*** DATA FOR THE TASK Section Begins ***

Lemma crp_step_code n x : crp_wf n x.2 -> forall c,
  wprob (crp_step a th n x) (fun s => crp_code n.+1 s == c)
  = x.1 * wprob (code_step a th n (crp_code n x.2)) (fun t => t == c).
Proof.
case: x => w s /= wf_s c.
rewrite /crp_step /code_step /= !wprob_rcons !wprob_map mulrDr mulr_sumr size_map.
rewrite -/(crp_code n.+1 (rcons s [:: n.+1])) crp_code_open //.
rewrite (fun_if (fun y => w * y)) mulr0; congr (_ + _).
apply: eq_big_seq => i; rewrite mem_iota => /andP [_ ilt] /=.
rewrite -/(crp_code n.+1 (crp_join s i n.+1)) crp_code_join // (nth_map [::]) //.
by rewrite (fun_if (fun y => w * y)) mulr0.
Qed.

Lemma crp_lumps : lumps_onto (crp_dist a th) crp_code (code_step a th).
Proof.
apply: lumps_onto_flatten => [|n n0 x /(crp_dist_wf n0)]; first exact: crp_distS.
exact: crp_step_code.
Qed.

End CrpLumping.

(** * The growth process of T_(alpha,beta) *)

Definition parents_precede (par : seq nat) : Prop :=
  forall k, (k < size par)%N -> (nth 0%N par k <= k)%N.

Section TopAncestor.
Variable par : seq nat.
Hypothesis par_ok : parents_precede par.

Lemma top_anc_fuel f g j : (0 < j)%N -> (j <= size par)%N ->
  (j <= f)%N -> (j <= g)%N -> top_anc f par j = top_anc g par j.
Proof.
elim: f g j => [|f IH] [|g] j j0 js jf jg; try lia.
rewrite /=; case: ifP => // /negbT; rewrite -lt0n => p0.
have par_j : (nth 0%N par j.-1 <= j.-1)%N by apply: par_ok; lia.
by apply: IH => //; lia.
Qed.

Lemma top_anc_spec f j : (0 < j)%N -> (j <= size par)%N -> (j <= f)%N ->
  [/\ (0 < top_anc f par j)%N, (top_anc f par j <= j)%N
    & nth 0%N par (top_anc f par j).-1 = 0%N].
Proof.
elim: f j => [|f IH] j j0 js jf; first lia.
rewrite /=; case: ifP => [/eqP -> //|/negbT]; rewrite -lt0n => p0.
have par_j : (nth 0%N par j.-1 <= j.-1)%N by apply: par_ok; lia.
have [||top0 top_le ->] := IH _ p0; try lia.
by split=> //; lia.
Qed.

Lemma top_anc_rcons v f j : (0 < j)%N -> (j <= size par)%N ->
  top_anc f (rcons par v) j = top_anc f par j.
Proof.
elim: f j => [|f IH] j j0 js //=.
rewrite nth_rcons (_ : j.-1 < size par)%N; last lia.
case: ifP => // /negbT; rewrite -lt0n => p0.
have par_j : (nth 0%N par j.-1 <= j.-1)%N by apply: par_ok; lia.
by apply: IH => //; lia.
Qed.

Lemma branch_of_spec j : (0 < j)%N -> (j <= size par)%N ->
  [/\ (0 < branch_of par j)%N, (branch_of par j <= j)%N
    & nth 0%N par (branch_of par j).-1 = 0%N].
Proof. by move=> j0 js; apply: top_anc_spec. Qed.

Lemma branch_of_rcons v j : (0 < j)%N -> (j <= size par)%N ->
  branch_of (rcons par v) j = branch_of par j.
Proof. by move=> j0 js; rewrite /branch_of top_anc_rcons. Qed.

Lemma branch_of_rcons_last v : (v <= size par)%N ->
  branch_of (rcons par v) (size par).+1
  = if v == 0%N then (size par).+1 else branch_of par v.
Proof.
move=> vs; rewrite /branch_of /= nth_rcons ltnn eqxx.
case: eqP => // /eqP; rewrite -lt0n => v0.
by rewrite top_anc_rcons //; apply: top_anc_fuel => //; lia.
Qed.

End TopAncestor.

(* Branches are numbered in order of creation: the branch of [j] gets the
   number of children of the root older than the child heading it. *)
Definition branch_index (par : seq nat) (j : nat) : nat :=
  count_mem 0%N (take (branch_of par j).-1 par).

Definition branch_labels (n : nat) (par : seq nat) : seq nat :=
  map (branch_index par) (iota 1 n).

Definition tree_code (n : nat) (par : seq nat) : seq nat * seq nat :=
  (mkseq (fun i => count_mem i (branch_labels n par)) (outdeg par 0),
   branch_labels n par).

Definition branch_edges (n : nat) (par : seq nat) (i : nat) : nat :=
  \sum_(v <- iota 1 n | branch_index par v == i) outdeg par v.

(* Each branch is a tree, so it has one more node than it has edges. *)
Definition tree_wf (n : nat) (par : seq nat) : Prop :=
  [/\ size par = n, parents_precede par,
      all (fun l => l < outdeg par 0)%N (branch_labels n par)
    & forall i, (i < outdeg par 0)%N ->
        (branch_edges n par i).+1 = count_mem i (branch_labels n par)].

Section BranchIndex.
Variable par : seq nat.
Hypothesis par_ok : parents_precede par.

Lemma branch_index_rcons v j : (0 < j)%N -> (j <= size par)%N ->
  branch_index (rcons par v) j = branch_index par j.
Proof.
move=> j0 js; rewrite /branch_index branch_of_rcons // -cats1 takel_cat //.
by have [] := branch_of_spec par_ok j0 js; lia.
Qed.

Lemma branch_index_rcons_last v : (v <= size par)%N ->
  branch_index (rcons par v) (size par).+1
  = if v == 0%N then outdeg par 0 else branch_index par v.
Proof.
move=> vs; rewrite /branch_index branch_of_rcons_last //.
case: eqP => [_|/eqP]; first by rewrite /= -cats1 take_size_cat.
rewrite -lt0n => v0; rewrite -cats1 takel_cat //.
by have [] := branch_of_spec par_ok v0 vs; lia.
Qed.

*** DATA FOR THE TASK Section Ends ***

## EXERCISE DETAILS
Reproduce the records above in full, without altering a single character.

## ANSWER SECTION
Lemma crp_step_code n x : crp_wf n x.2 -> forall c,
  wprob (crp_step a th n x) (fun s => crp_code n.+1 s == c)
  = x.1 * wprob (code_step a th n (crp_code n x.2)) (fun t => t == c).
Proof.
case: x => w s /= wf_s c.
rewrite /crp_step /code_step /= !wprob_rcons !wprob_map mulrDr mulr_sumr size_map.
rewrite -/(crp_code n.+1 (rcons s [:: n.+1])) crp_code_open //.
rewrite (fun_if (fun y => w * y)) mulr0; congr (_ + _).
apply: eq_big_seq => i; rewrite mem_iota => /andP [_ ilt] /=.
rewrite -/(crp_code n.+1 (crp_join s i n.+1)) crp_code_join // (nth_map [::]) //.
by rewrite (fun_if (fun y => w * y)) mulr0.
Qed.

Lemma crp_lumps : lumps_onto (crp_dist a th) crp_code (code_step a th).
Proof.
apply: lumps_onto_flatten => [|n n0 x /(crp_dist_wf n0)]; first exact: crp_distS.
exact: crp_step_code.
Qed.

End CrpLumping.

(** * The growth process of T_(alpha,beta) *)

Definition parents_precede (par : seq nat) : Prop :=
  forall k, (k < size par)%N -> (nth 0%N par k <= k)%N.

Section TopAncestor.
Variable par : seq nat.
Hypothesis par_ok : parents_precede par.

Lemma top_anc_fuel f g j : (0 < j)%N -> (j <= size par)%N ->
  (j <= f)%N -> (j <= g)%N -> top_anc f par j = top_anc g par j.
Proof.
elim: f g j => [|f IH] [|g] j j0 js jf jg; try lia.
rewrite /=; case: ifP => // /negbT; rewrite -lt0n => p0.
have par_j : (nth 0%N par j.-1 <= j.-1)%N by apply: par_ok; lia.
by apply: IH => //; lia.
Qed.

Lemma top_anc_spec f j : (0 < j)%N -> (j <= size par)%N -> (j <= f)%N ->
  [/\ (0 < top_anc f par j)%N, (top_anc f par j <= j)%N
    & nth 0%N par (top_anc f par j).-1 = 0%N].
Proof.
elim: f j => [|f IH] j j0 js jf; first lia.
rewrite /=; case: ifP => [/eqP -> //|/negbT]; rewrite -lt0n => p0.
have par_j : (nth 0%N par j.-1 <= j.-1)%N by apply: par_ok; lia.
have [||top0 top_le ->] := IH _ p0; try lia.
by split=> //; lia.
Qed.

Lemma top_anc_rcons v f j : (0 < j)%N -> (j <= size par)%N ->
  top_anc f (rcons par v) j = top_anc f par j.
Proof.
elim: f j => [|f IH] j j0 js //=.
rewrite nth_rcons (_ : j.-1 < size par)%N; last lia.
case: ifP => // /negbT; rewrite -lt0n => p0.
have par_j : (nth 0%N par j.-1 <= j.-1)%N by apply: par_ok; lia.
by apply: IH => //; lia.
Qed.

Lemma branch_of_spec j : (0 < j)%N -> (j <= size par)%N ->
  [/\ (0 < branch_of par j)%N, (branch_of par j <= j)%N
    & nth 0%N par (branch_of par j).-1 = 0%N].
Proof. by move=> j0 js; apply: top_anc_spec. Qed.

Lemma branch_of_rcons v j : (0 < j)%N -> (j <= size par)%N ->
  branch_of (rcons par v) j = branch_of par j.
Proof. by move=> j0 js; rewrite /branch_of top_anc_rcons. Qed.

Lemma branch_of_rcons_last v : (v <= size par)%N ->
  branch_of (rcons par v) (size par).+1
  = if v == 0%N then (size par).+1 else branch_of par v.
Proof.
move=> vs; rewrite /branch_of /= nth_rcons ltnn eqxx.
case: eqP => // /eqP; rewrite -lt0n => v0.
by rewrite top_anc_rcons //; apply: top_anc_fuel => //; lia.
Qed.

End TopAncestor.

(* Branches are numbered in order of creation: the branch of [j] gets the
   number of children of the root older than the child heading it. *)
Definition branch_index (par : seq nat) (j : nat) : nat :=
  count_mem 0%N (take (branch_of par j).-1 par).

Definition branch_labels (n : nat) (par : seq nat) : seq nat :=
  map (branch_index par) (iota 1 n).

Definition tree_code (n : nat) (par : seq nat) : seq nat * seq nat :=
  (mkseq (fun i => count_mem i (branch_labels n par)) (outdeg par 0),
   branch_labels n par).

Definition branch_edges (n : nat) (par : seq nat) (i : nat) : nat :=
  \sum_(v <- iota 1 n | branch_index par v == i) outdeg par v.

(* Each branch is a tree, so it has one more node than it has edges. *)
Definition tree_wf (n : nat) (par : seq nat) : Prop :=
  [/\ size par = n, parents_precede par,
      all (fun l => l < outdeg par 0)%N (branch_labels n par)
    & forall i, (i < outdeg par 0)%N ->
        (branch_edges n par i).+1 = count_mem i (branch_labels n par)].

Section BranchIndex.
Variable par : seq nat.
Hypothesis par_ok : parents_precede par.

Lemma branch_index_rcons v j : (0 < j)%N -> (j <= size par)%N ->
  branch_index (rcons par v) j = branch_index par j.
Proof.
move=> j0 js; rewrite /branch_index branch_of_rcons // -cats1 takel_cat //.
by have [] := branch_of_spec par_ok j0 js; lia.
Qed.

Lemma branch_index_rcons_last v : (v <= size par)%N ->
  branch_index (rcons par v) (size par).+1
  = if v == 0%N then outdeg par 0 else branch_index par v.
Proof.
move=> vs; rewrite /branch_index branch_of_rcons_last //.
case: eqP => [_|/eqP]; first by rewrite /= -cats1 take_size_cat.
rewrite -lt0n => v0; rewrite -cats1 takel_cat //.
by have [] := branch_of_spec par_ok v0 vs; lia.
Qed.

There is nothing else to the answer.